As Graham says, a raunchy “boobs-and-booze ethos has elbowed its way into the conservative power class, accelerated by the rise of Donald J. Trump, the declining influence of traditional religious institutions and a shifting media landscape increasingly dominated by the looser standards of online culture.” (This article you are reading right now represents something of this shift, as I spent upward of 15 minutes pondering how to quote Graham’s article without using the word boobs.) 
Graham’s analysis is important for American Christians precisely because the shift she describes is not something “out there” in the culture but is instead driven specifically by the very same white evangelical subculture that once insisted that personal character—virtue, to use a now distant-sounding word the American founders knew well—matters.
The appeal to the “Founders” is of a piece with my argument, if only because few of those “Founders” (who are they, anyway?) would agree with Moore’s definition of “virtue.” They were practical men who made their peace with slavery for the sake of a national government. I’m unclear how “virtuous” that was.*

I think he’s right, this shift isn’t “out there” in the culture; but that’s largely because the culture isn’t “out there” for the church he describes. If anything, that church controlled the culture, until it didn’t. And in losing that control, that church lost its claim to virtue, too. 

The town I grew up in was dominated, culturally and demographically, by Southern Baptists. It was the county seat of a “dry” county. The hoariest joke in town was that the only time two Baptists wouldn’t speak to each other in public was when they met in the liquor store just across the county line. My father’s favorite joke was how you kept a Baptist from drinking beer all the beer when you’re out fishing: bring along another Baptist.

Baptist virtues were a flexible, and cultural, matter. And don’t get me started on the works v. faith issue again. Baptists were far more interested in God’s blessings for them than in their blessings for others. That was a stalwart of American Protestantism, too; so again, culture matters far more than the gospels. 
But Moore’s argument rests, not on how Baptists should be a light in the world, but on how Baptists ultimately follow the world. The world (culture) changed, and that changed Baptists, is his thesis.  And he’s not wrong; but he doesn’t see what that says about the fundamentals (!) of Protestantism.

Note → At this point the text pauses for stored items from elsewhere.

Lemma TpowD m n x : Tpow T Tinv (m + n) x = Tpow T Tinv m (Tpow T Tinv n x).
Proof.
case: m => p.
- elim: p => [|p IH]; first by rewrite add0r.
  by rewrite (_ : Posz p.+1 + n = (Posz p + n) + 1) ?Tpow_addr1 ?IH //; lia.
- elim: p => [|p IH].
    by rewrite (_ : Negz 0 + n = n - 1) ?Tpow_subr1 // NegzE; lia.
  by rewrite (_ : Negz p.+1 + n = (Negz p + n) - 1) ?Tpow_subr1 ?IH // !NegzE; lia.
Qed.

End iterates.

Section measure_preservation.
Context {R : realType} {d : measure_display} {X : measurableType d}.
Variable mu : {measure set X -> \bar R}.

Definition measure_preserving (phi : X -> X) :=
  measurable_fun setT phi /\ forall A, measurable A -> mu (phi @^-1` A) = mu A.

Lemma measure_preserving_iter phi n :
  measure_preserving phi -> measure_preserving (iter n phi).
Proof.
move=> [mphi phiP]; elim: n => [|n IH]; first by split => //; exact: measurable_id.
have [mphin phinP] := IH.
split; first exact: measurableT_comp mphi mphin.
move=> A mA; have mphiA : measurable (phi @^-1` A).
  by have := mphi measurableT A mA; rewrite setTI.
by rewrite -[RHS]phiP // -[RHS]phinP.
Qed.

Lemma measure_preserving_Tpow T Tinv m : invertible_mps mu T Tinv ->
  measure_preserving (Tpow T Tinv m).
Proof.
move=> [mT mTinv TK TinvK TP].
have TinvP : measure_preserving Tinv.
  split=> // A mA; rewrite -TP; last by have := mTinv measurableT A mA; rewrite setTI.
  by congr (mu _); apply/seteqP; split => x; rewrite /preimage /= TK.
by case: m => n /=; apply: measure_preserving_iter.
Qed.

Isn’t it ironic? Don’t you think? πŸ€” 


*For example:
the midst of the late-1990s Clinton scandal, a group of scholars issued a “Declaration Concerning Religion, Ethics, and the Crisis in the Clinton Presidency,” which stated:
We are aware that certain moral qualities are central to the survival of our political system, among which are truthfulness, integrity, respect for the law, respect for the dignity of others, adherence to the constitutional process, and a willingness to avoid the abuse of power. We reject the premise that violations of these ethical standards should be excused so long as a leader remains loyal to a particular political agenda and the nation is blessed by a strong economy.
Those words seem far more distant than a Tocqueville quote now.
Moore’s own words are already distant from his point. “Virtue” is in the eye of the beholder, and a matter of whose ox is being gored.